Written & Directed by Joe Swanberg
Starring Anna Kendrick, Melanie Lynskey, Mark Webber, Joe Swanberg & Lena Dunham
Now Playing in Select Theaters
That ‘Happy Christmas’ released on July 25th is ironic and also makes perfect sense. Christmas in July just seems like the fake holiday that writer-director Joe Swanberg would celebrate and improvise like so much of his movies’ dialogue. But this is not exactly a holiday movie so much as a movie during a holiday. It’s as secular as unwrapping presents beneath the air-conditioner.
It follows that nothing is too profound in Swanberg’s latest film about a residential Chicago couple whose lives get infiltrated by one of their immature family members. But the joys of experiencing a small film like this don’t rely on deep thoughts and revolutionary storytelling. In fact they’re quite the opposite. Happy Christmas, like most Swanberg films, thrives in providing quaint banalities that add up to small humorous and impactful moments; in other words, life.
The couple in question is Kelly (Melanie Lynskey) and Jeff (Swanberg) and the family member is Jeff’s younger sister Jenny (Anna Kendrick), who shows up one night in December. She is a rather regular unemployed 20-something that might have been a bland Girls archetype had Kendrick not played her. She’s there to stay in their basement for a while and helps with her brother’s baby Jude (Swanberg’s own son who’s humorously adept), but ends up failing some simple responsibilities.

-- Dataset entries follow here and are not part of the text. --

Lemma ohead_filter_sorted (T : eqType) (e : rel T) (p : pred T) s x :
  transitive e -> sorted e s -> ohead (filter p s) = Some x ->
  [/\ x \in s, p x & {in s, forall y, p y -> x = y \/ e x y}].
Proof.
move=> e_tr e_s; case E: (filter p s) => [|h t] //= [<-].
have /andP[ph hs] : p h && (h \in s) by rewrite -mem_filter E mem_head.
split=> // y ys py; have : y \in h :: t by rewrite -E mem_filter py.
rewrite in_cons => /predU1P [->|yt]; [by left|right].
have e_ht : sorted e (h :: t) by rewrite -E sorted_filter.
exact: (allP (order_path_min e_tr e_ht)).
Qed.

Lemma ohead_filter_has (T : eqType) (p : pred T) s :
  has p s -> ohead (filter p s) <> None.
Proof. by rewrite has_filter; case: filter. Qed.

Lemma bp_rel_Some (Sigma : finType) (w : seq Sigma) d a q x :
  bp_rel (d, a) w q = Some x ->
  [/\ letter w x a, dir_lt d q x
    & forall u, letter w u a -> dir_lt d q u -> dir_le d x u].
Proof.
rewrite /bp_rel /positions_of; case: d => /=.
- move=> /(ohead_filter_sorted ltn_trans (iota_ltn_sorted _ _)).
  rewrite mem_iota => -[/andP [qx _] wx xmin]; split=> // u wu qu.
  have uin : u \in iota q.+1 (size w - q) by rewrite mem_iota; have := letter_range wu; lia.
  by case: (xmin u uin wu) => [->|/ltnW].
- have gtn_trans : transitive (fun i j : nat => j < i).
    by move=> j i k ij jk; apply: ltn_trans jk ij.
  have gtn_iota : sorted (fun i j : nat => j < i) (rev (iota 1 q.-1)).
    by rewrite rev_sorted iota_ltn_sorted.
  rewrite -filter_rev => /(ohead_filter_sorted gtn_trans gtn_iota).
  rewrite mem_rev mem_iota => -[/andP [x1 xq] wx xmax]; split=> [//||u wu uq]; first lia.
  have uin : u \in rev (iota 1 q.-1) by rewrite mem_rev mem_iota; have := letter_range wu; lia.
  by case: (xmax u uin wu) => [->|/ltnW].
Qed.

Lemma bp_rel_None (Sigma : finType) (w : seq Sigma) d a q u :
  letter w u a -> dir_lt d q u -> bp_rel (d, a) w q <> None.
Proof.
rewrite /bp_rel /positions_of => wu; have := letter_range wu.
case: d => /= ur qu; rewrite -?filter_rev; apply: ohead_filter_has;
  apply/hasP; exists u; rewrite ?mem_rev ?mem_iota //; lia.
Qed.

Lemma exists_bp_rel (Sigma : finType) (w : seq Sigma) d a (o : option nat)
    (R : pred nat) (S : nat -> Prop) :
  (forall x j, dir_le d x j -> R j -> R x) ->
  (forall j, 0 < j <= size w ->
     S j <-> [/\ letter w j a, oapp (dir_lt d ^~ j) false o & R j]) ->
  (exists j, 0 < j <= size w /\ S j) <-> oapp R false (obind (bp_rel (d, a) w) o).
Proof.
move=> R_down; case: o => [q|] /= S_def; last by split=> // -[j [/S_def-> []]].
split=> [[j [jr /(S_def j jr) [wj qj Rj]]]|].
- case E: bp_rel => [x|] /=; last by have := bp_rel_None wj qj; rewrite E.
  by have [_ _ xmin] := bp_rel_Some E; apply: R_down (xmin _ wj qj) Rj.
- case E: bp_rel => [x|] //= Rx; have [wx qx _] := bp_rel_Some E.
  by exists x; split; [apply: letter_range wx|apply/S_def; [apply: letter_range wx|]].
Qed.

Section RankerFormulas.

Variable Sigma : finType.
Implicit Types (w : seq Sigma) (a : Sigma) (p : bpos Sigma).

Definition other (v : var) : var := if v is VX then VY else VX.

Definition FDirLt (d : dir) (u v : var) : form Sigma :=
  if d is Right then FLt Sigma u v else FLt Sigma v u.

Definition FDirLe (d : dir) (u v : var) : form Sigma :=
  FOr (FDirLt d u v) (FEq Sigma u v).

(* The three formulas attached to a position q and a direction d: q is
   defined; q is defined and v is strictly beyond q in direction d; the same,
   weakly.  The last two have v as their only free variable. *)
Record rform := RForm {
  rf_def : form Sigma;
  rf_lt : var -> form Sigma;
  rf_le : var -> form Sigma }.

Definition rform_top : rform := RForm FTrue (fun _ => FTrue) (fun _ => FTrue).

Definition cond_after (d : dir) (F : rform) (d' : dir) (u : var) : form Sigma :=
  if dir_eqb d' d then rf_lt F u else FAnd (rf_def F) (form_neg (rf_le F u)).

Definition ex_letter a (P : var -> form Sigma) (C : var -> var -> form Sigma) (v : var) :=
  FEx (other v) (FAnd (C (other v) v) (FAnd (FLetter a (other v)) (P (other v)))).

(* With the trivial constraint, [ex_letter _ _ _ VY] is a sentence. *)
Definition rform_step (d : dir) (F : rform) p : rform :=
  let P := cond_after d F p.1 in
  RForm (ex_letter p.2 P (fun _ _ => FTrue) VY)
        (ex_letter p.2 P (FDirLt p.1)) (ex_letter p.2 P (FDirLe p.1)).

Fixpoint rform_of (d : dir) (F : rform) (rs : seq (bpos Sigma)) : rform :=
  if rs is p :: rs' then rform_of p.1 (rform_step d F p) rs' else F.

Definition ranker_form (r : seq (bpos Sigma)) : form Sigma :=
  if r is p :: _ then rf_def (rform_of p.1 rform_top r) else FFalse.

(* Absolute boundary positions are relative ones taken from the virtual
   position 0 or |w|+1. *)
Definition dir_origin (d : dir) w : nat := if d is Right then 0 else (size w).+1.

Lemma bp_abs_origin p w : bp_abs p w = bp_rel p w (dir_origin p.1 w).
Proof. by case: p => -[] a; rewrite /bp_abs /bp_rel /= ?subn0. Qed.

Definition represents w (d : dir) (F : rform) (o : option nat) : Prop :=
  [/\ forall ix iy, sat w ix iy (rf_def F) <-> o <> None,
      forall v ix iy, 0 < lookup v ix iy <= size w ->
        sat w ix iy (rf_lt F v) <-> oapp (dir_lt d ^~ (lookup v ix iy)) false o
    & forall v ix iy, 0 < lookup v ix iy <= size w ->
        sat w ix iy (rf_le F v) <-> oapp (dir_le d ^~ (lookup v ix iy)) false o].

Lemma represents_top w d : represents w d rform_top (Some (dir_origin d w)).
Proof. by split=> // v ix iy /=; case: d => /=; split=> // _; lia. Qed.

Lemma sat_FDirLt w d u v ix iy :
  sat w ix iy (FDirLt d u v) <-> dir_lt d (lookup u ix iy) (lookup v ix iy).
Proof. by case: d. Qed.

Lemma sat_FDirLe w d u v ix iy :
  sat w ix iy (FDirLe d u v) <-> dir_le d (lookup u ix iy) (lookup v ix iy).
Proof. by case: d => /=; split; lia. Qed.

Lemma sat_cond_after w d F o d' u ix iy :
  represents w d F o -> 0 < lookup u ix iy <= size w ->
  sat w ix iy (cond_after d F d' u) <-> oapp (dir_lt d' ^~ (lookup u ix iy)) false o.
Proof.
case=> def_sem lt_sem le_sem ur; rewrite /cond_after.
case: (boolP (dir_eqb d' d)) => [/dir_eqbP -> | dd']; first exact: lt_sem.
rewrite /= sat_form_neg def_sem le_sem //.
case: o {def_sem lt_sem le_sem} => [q|] /=; last by split=> // -[].
by rewrite (dir_lt_switch _ _ dd'); split=> [[_ /negP]|/negP].
Qed.

Lemma sat_ex_letter w d a o P C (R : rel nat) v ix iy :
  (forall x j i, dir_le d x j -> R j i -> R x i) ->
  (forall ix iy, sat w ix iy (C (other v) v) <->
                 R (lookup (other v) ix iy) (lookup v ix iy)) ->
  (forall ix iy, 0 < lookup (other v) ix iy <= size w ->
     sat w ix iy (P (other v)) <-> oapp (dir_lt d ^~ (lookup (other v) ix iy)) false o) ->
  sat w ix iy (ex_letter a P C v) <->
  oapp (R ^~ (lookup v ix iy)) false (obind (bp_rel (d, a) w) o).
Proof.
move=> R_down C_sem P_sem.
case: v C_sem P_sem => /= C_sem P_sem; apply: exists_bp_rel => [x j|j jr];
  try exact: R_down; by rewrite /= C_sem P_sem //; split=> [[? [? ?]]|[? ? ?]].
Qed.

Lemma represents_step w d F o p :
  represents w d F o -> represents w p.1 (rform_step d F p) (obind (bp_rel p w) o).
Proof.
case: p => d' a rep /=; split=> [ix iy|v ix iy _|v ix iy _].
- rewrite (@sat_ex_letter w d' a o _ _ (fun _ _ => true)) //; first by case: obind.
  by move=> ? ?; apply: sat_cond_after.
- apply: sat_ex_letter => [x j i|ix' iy'|ix' iy'];
    [exact: dir_le_lt_trans|exact: sat_FDirLt|exact: sat_cond_after].
- apply: sat_ex_letter => [x j i|ix' iy'|ix' iy'];
    [exact: dir_le_trans|exact: sat_FDirLe|exact: sat_cond_after].
Qed.

Lemma sat_rform_of w d F o rs ix iy :
  represents w d F o ->
  sat w ix iy (rf_def (rform_of d F rs)) <->
  foldl (fun acc q => obind (bp_rel q w) acc) o rs <> None.
Proof.
elim: rs d F o => [|p rs IH] d F o rep /=; first by case: rep.
exact/IH/represents_step.
Qed.

Lemma sat_ranker_form w r ix iy : sat w ix iy (ranker_form r) <-> ranker_eval r w <> None.
Proof.
case: r => [|p rs]; first by split.
by rewrite /ranker_form (sat_rform_of _ _ _ (represents_top w p.1)) /= -bp_abs_origin.
Qed.

Definition fits (c k : nat) (f : form Sigma) : bool :=
  (qdepth f <= k) && (qblocks_aux (Some true) f <= c).

Definition rform_wf (c k : nat) (F : rform) : Prop :=
  [/\ sentence (rf_def F) && fits c k (rf_def F),
      forall v, ~~ free (other v) (rf_lt F v) && fits c k (rf_lt F v)
    & forall v, ~~ free (other v) (rf_le F v) && fits c k (rf_le F v)].

Lemma rform_top_wf : rform_wf 0 0 rform_top.
Proof. by []. Qed.

Lemma sentence_free v (f : form Sigma) : sentence f -> ~~ free v f.
Proof. by case: v => /andP []. Qed.

Lemma cond_after_wf c k d F d' u :
  rform_wf c k F ->
  ~~ free (other u) (cond_after d F d' u) &&
  fits (c + ~~ dir_eqb d' d) k (cond_after d F d' u).
Proof.
case=> /andP [D_sent /andP [D_k D_c]] A_wf B_wf; rewrite /cond_after.
case: ifP => _; first by rewrite addn0 A_wf.
have /andP [B_free /andP [B_k B_c]] := B_wf u.
rewrite /fits /= free_form_neg qdepth_form_neg negb_or sentence_free //= B_free.
have := qblocks_aux_form_neg (Some false) (rf_le F u).
have := qblocks_aux_prev (Some false) (Some true) (rf_le F u).
rewrite /=; lia.
Qed.

Lemma free_ex_letter_other a P C v : ~~ free (other v) (ex_letter a P C v).
Proof. by case: v. Qed.

Lemma fits_ex_letter c k a P C v :
  (forall u, fits c k (P u)) ->
  qdepth (C (other v) v) = 0 -> qblocks_aux (Some true) (C (other v) v) = 0 ->
  fits c k.+1 (ex_letter a P C v).
Proof. by move=> P_fits C_k C_c; rewrite /fits /= C_k C_c !max0n; apply: P_fits. Qed.

Lemma rform_step_wf c k d F p :
  rform_wf c k F -> rform_wf (c + ~~ dir_eqb p.1 d) k.+1 (rform_step d F p).
Proof.
move=> F_wf; have P_wf u := cond_after_wf d p.1 u F_wf.
have P_fits u : fits (c + ~~ dir_eqb p.1 d) k (cond_after d F p.1 u).
  by case/andP: (P_wf u).
split=> [|v|v]; rewrite fits_ex_letter ?andbT ?free_ex_letter_other //; try by case: (p.1).
by rewrite /sentence /= (andP (P_wf VX)).1.
Qed.

Lemma dblocks_aux_gt0 d s : 0 < dblocks_aux d s.
Proof. by elim: s d => //= d' s IH d; apply: ltn_addl. Qed.

Lemma rform_of_wf c k d F rs :
  rform_wf c k F ->
  rform_wf (c + (dblocks_aux d [seq p.1 | p <- rs]).-1) (k + size rs) (rform_of d F rs).
Proof.
elim: rs c k d F => [|p rs IH] c k d F F_wf /=; first by rewrite !addn0.
have := IH _ _ p.1 _ (rform_step_wf d p F_wf).
have := dblocks_aux_gt0 p.1 [seq q.1 | q <- rs]; move: (dblocks_aux _ _) => b b_gt0.
suff -> : c + (~~ dir_eqb p.1 d + b).-1 = c + ~~ dir_eqb p.1 d + b.-1.
  by rewrite addnS -addSn.
lia.
Qed.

That includes getting passed out drunk at a party the first night, turning her longtime friend Carson (Lena Dunham) into an apologetic chaperone. Her hangover renders her useless to babysit that morning so Kelly calls a reliable, occasional pot-smoker friend Kevin (Mark Webber) to watch Jude instead. Jenny, embarrassed, but also intrigued by his presence, eventually hooks up with him, a small fling that involves some ditsy improvisational banter and, naturally, some marijuana smoking.

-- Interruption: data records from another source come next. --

Lemma covering_number_TVclass_le :
  (covering_number (@TVclass R N N V L) eps <= (N.+1 ^ 4 * M) ^ m)%N.
Proof.
set S := [seq patch n M m L del g | g <- enum {: {ffun 'I_m -> piece n M}}].
have -> : ((N.+1 ^ 4 * M) ^ m)%N = size S.
  by rewrite size_map -cardE card_ffun !card_prod !card_ord !expnS expn0 muln1 !mulnA.
apply: covering_number_le_size => theta /TVclass_near_patch[g hg].
by exists (patch n M m L del g) => //; apply: map_f; rewrite mem_enum.
Qed.

End Covering.

Section Logarithms.
Context {R : realType}.

Lemma ln_nat_ge0 k : (0 < k)%N -> 0 <= ln (k%:R : R).
Proof. by move=> k0; rewrite ln_ge0 // ler1n. Qed.

Lemma ler_ln_nat a b : (0 < a)%N -> (a <= b)%N -> ln (a%:R : R) <= ln b%:R.
Proof. by move=> a0 ab; rewrite ler_ln ?posrE ?ler_nat ?ltr0n // (leq_trans a0). Qed.

Lemma ln_natM a b : (0 < a)%N -> (0 < b)%N -> ln ((a * b)%:R : R) = ln a%:R + ln b%:R.
Proof. by move=> a0 b0; rewrite natrM lnM ?posrE ?ltr0n. Qed.

Lemma ln_natX a k : (0 < a)%N -> ln ((a ^ k)%:R : R) = k%:R * ln a%:R.
Proof. by move=> a0; rewrite natrX lnXn ?ltr0n // mulr_natl. Qed.

Lemma ln_nat_le_pow {c a M m} : (0 < a)%N -> (0 < M)%N -> (c <= (a ^ 4 * M) ^ m)%N ->
  ln (c%:R : R) <= m%:R * (4 * ln a%:R + ln M%:R).
Proof.
move=> a0 M0 cB; have B0 : (0 < a ^ 4 * M)%N by rewrite muln_gt0 expn_gt0 a0.
have -> : m%:R * (4 * ln a%:R + ln M%:R) = ln (((a ^ 4 * M) ^ m)%:R : R).
  by rewrite ln_natX // ln_natM ?expn_gt0 ?a0 // ln_natX.
have [->|c0] := posnP c; last exact: ler_ln_nat.
by rewrite ln0 // ln_nat_ge0 // expn_gt0 B0.
Qed.

End Logarithms.

Lemma ln_covering_number_TVclass_le {R : realType} {n} {V L eps : R} :
  (0 < n)%N -> 0 < V -> 0 < L -> 0 < eps ->
  ln ((covering_number (@TVclass R n.+1 n.+1 V L) eps)%:R)
    <= (1 + 48 * ((trunc_log 2 n.+1)%:R + 2) * (V ^+ 2 / eps ^+ 2))
       * (8 * ln n.+1%:R + ln 2 + ln (1 + 2 * L * n.+1%:R / eps)).
Proof.
move=> n0 V0 L0 e0; set X := 2 * L * n.+1%:R / eps.
set B := 1 + _ * (V ^+ 2 / eps ^+ 2).
have X0 : 0 <= X by apply: divr_ge0; [rewrite !mulr_ge0 // ltW | exact: ltW].
have B0 : 0 <= B.
  rewrite /B addr_ge0 // mulr_ge0 //; first by rewrite mulr_ge0 // addr_ge0.
  by rewrite divr_ge0 ?sqr_ge0.
pose tl := trunc_log 2 n.+1; pose M := (Num.truncn (2 * X)).+1.
have Nd : (n.+1 <= 2 ^ tl.+1)%N by apply: ltnW; apply: trunc_log_ltn.
have levels : 4 * L * n.+1%:R < M%:R * eps.
  have -> : 4 * L * n.+1%:R = 2 * X * eps by rewrite /X; field; rewrite lt0r_neq0.
  by rewrite ltr_pM2r // truncnS_gt.
have pieces : 1 + 48 * tl.+2%:R * (V ^+ 2 / eps ^+ 2) < (Num.truncn B).+1%:R.
  have -> : tl.+2%:R = tl%:R + 2 :> R by rewrite -addn2 natrD.
  exact: truncnS_gt.
have := ln_nat_le_pow (R := R) (isT : 0 < n.+2)%N (isT : 0 < M)%N
  (covering_number_TVclass_le V0 L0 e0 Nd levels pieces).
move/le_trans; apply; apply: ler_pM.
- exact: ler0n.
- by rewrite addr_ge0 ?mulr_ge0 ?ln_nat_ge0.
- by rewrite truncn_le.
have lnS : ln n.+2%:R <= 2 * ln (n.+1%:R : R).
  by rewrite mulr_natl mulr2n -ln_natM // ler_ln_nat //; nia.
have lnM_le : ln M%:R <= ln 2 + ln (1 + X).
  rewrite -lnM ?posrE ?ltr0n ?ltr_wpDr // ler_ln ?posrE ?ltr0n ?mulr_gt0 ?ltr_wpDr //.
  have : (Num.truncn (2 * X))%:R <= 2 * X by rewrite truncn_le mulr_ge0.
  by rewrite /M -natr1; lra.
lra.
Qed.

Section Arithmetic.
Context {R : realFieldType}.

Lemma pieces_bound_le (l2 l K tl : R) : 0 < l2 -> l2 <= l -> 0 <= K -> tl * l2 <= l ->
  1 + 48 * (tl + 2) * K <= (1 + 144 / l2) * Num.max (K * l) 1.
Proof.
move=> l20 l2l K0 tll.
have tl3 : tl + 2 <= 3 * (l / l2).
  have : 1 <= l / l2 by rewrite ler_pdivlMr // mul1r.
  have : tl <= l / l2 by rewrite ler_pdivlMr.
  lra.
have step : 48 * (tl + 2) * K <= 144 / l2 * (K * l).
  have -> : 144 / l2 * (K * l) = 48 * (3 * (l / l2)) * K by ring.
  by rewrite ler_wpM2r // ler_wpM2l.
have : 144 / l2 * (K * l) <= 144 / l2 * Num.max (K * l) 1.
  by apply: ler_wpM2l; [rewrite divr_ge0 // ltW | rewrite le_max lexx].
have : 1 <= Num.max (K * l) 1 by rewrite le_max lexx orbT.
rewrite mulrDl mul1r; lra.
Qed.

Lemma log_terms_le (l2 l Y : R) : 0 < l2 -> l2 <= l -> l2 <= Y ->
  8 * l + l2 + Y <= 10 / l2 * l * Y.
Proof.
move=> l20 l2l l2Y.
have [l0 Y0] : 0 <= l /\ 0 <= Y by split; apply: le_trans (ltW l20) _.
have : 8 * l <= 8 * l * (Y / l2) by rewrite ler_peMr ?mulr_ge0 // ler_pdivlMr // mul1r.
have : 2 * Y <= 2 * Y * (l / l2) by rewrite ler_peMr ?mulr_ge0 // ler_pdivlMr // mul1r.
have -> : 10 / l2 * l * Y = 8 * l * (Y / l2) + 2 * Y * (l / l2) by ring.
lra.
Qed.

Lemma covering_exponent_le (l2 l Y K tl : R) :
  0 < l2 -> l2 <= l -> l2 <= Y -> 0 <= K -> 0 <= tl -> tl * l2 <= l ->
  (1 + 48 * (tl + 2) * K) * (8 * l + l2 + Y)
    <= (1 + 144 / l2) * (10 / l2) * l * Y * Num.max (K * l) 1.
Proof.
move=> l20 l2l l2Y K0 tl0 tll.
have -> : (1 + 144 / l2) * (10 / l2) * l * Y * Num.max (K * l) 1
    = (1 + 144 / l2) * Num.max (K * l) 1 * (10 / l2 * l * Y) by ring.
apply: ler_pM; last exact: log_terms_le; last exact: pieces_bound_le.
  by rewrite addr_ge0 // !mulr_ge0 // addr_ge0.
by rewrite !addr_ge0 ?mulr_ge0 ?(ltW l20) // (le_trans (ltW l20)).
Qed.

End Arithmetic.

Lemma ln_covering_number_TVclass_le0 {R : realType} n (V L eps : R) :
  0 < L -> 0 < eps -> 2 * L * n%:R / eps < 1 ->
  ln ((covering_number (@TVclass R n n V L) eps)%:R : R) <= 0.
Proof.
move=> L0 eps0 small; apply: ln_le0; rewrite lern1 covering_number_TVclass_le1 ?ltW //.
by move: small; rewrite ltr_pdivrMr // mul1r; lra.
Qed.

Swanberg, as always, lets his camera linger, unworried about any awkwardness that might spontaneously arise. The movie, covered under the Mumblecore umbrella, runs just under 80 minutes but you feel like you know these characters as though it were two hours. That’s because we stay with them—in the bathroom, on the couch, in the kitchen– even after the conversation ends and someone leaves the room. What does Jenny do while she waits for Kevin to find his pot in the kitchen? Well, not a lot, as you’d expect, which is somehow reassuring if not a tedious meditation.
Like Swanberg’s 2013 hit Drinking Buddies, which concentrated on the subtleties of romantic relationships, Happy Christmas lightly investigates the dynamics of gender roles, this time through the lens of marriage. There is little melodrama, but there is realistic discussion negotiating work and responsibilities. Jeff lives in an office most of the day while Kelly, a writer and aspiring novelist, plays the parent, categorizations that each carry their own personal frustrations.
Kelly voices some of these concerns to Carson and Jenny over a beer by the basement’s uniquely decorated Tiki-bar. Soon enough the three are chatting about her writing erotic novels, thinking up fantastical scenarios that will earn millions of dollars, an ideal environment that allows them to riff on silly ideas. It matches the equally bubbly and angsty Kendrick, who seems in control of herself one moment and completely unhinged the next. “I don’t want to be the person who does the same kind of stuff,” she says while getting high. Nobody’s really listening.
She continues on with little forward direction, similar to the film, which provides not so much a standard story arc as a slope. Why do some people have a tough time growing up? Happy Christmas doesn’t really answer that question. It’s just content to contemplate it for a while.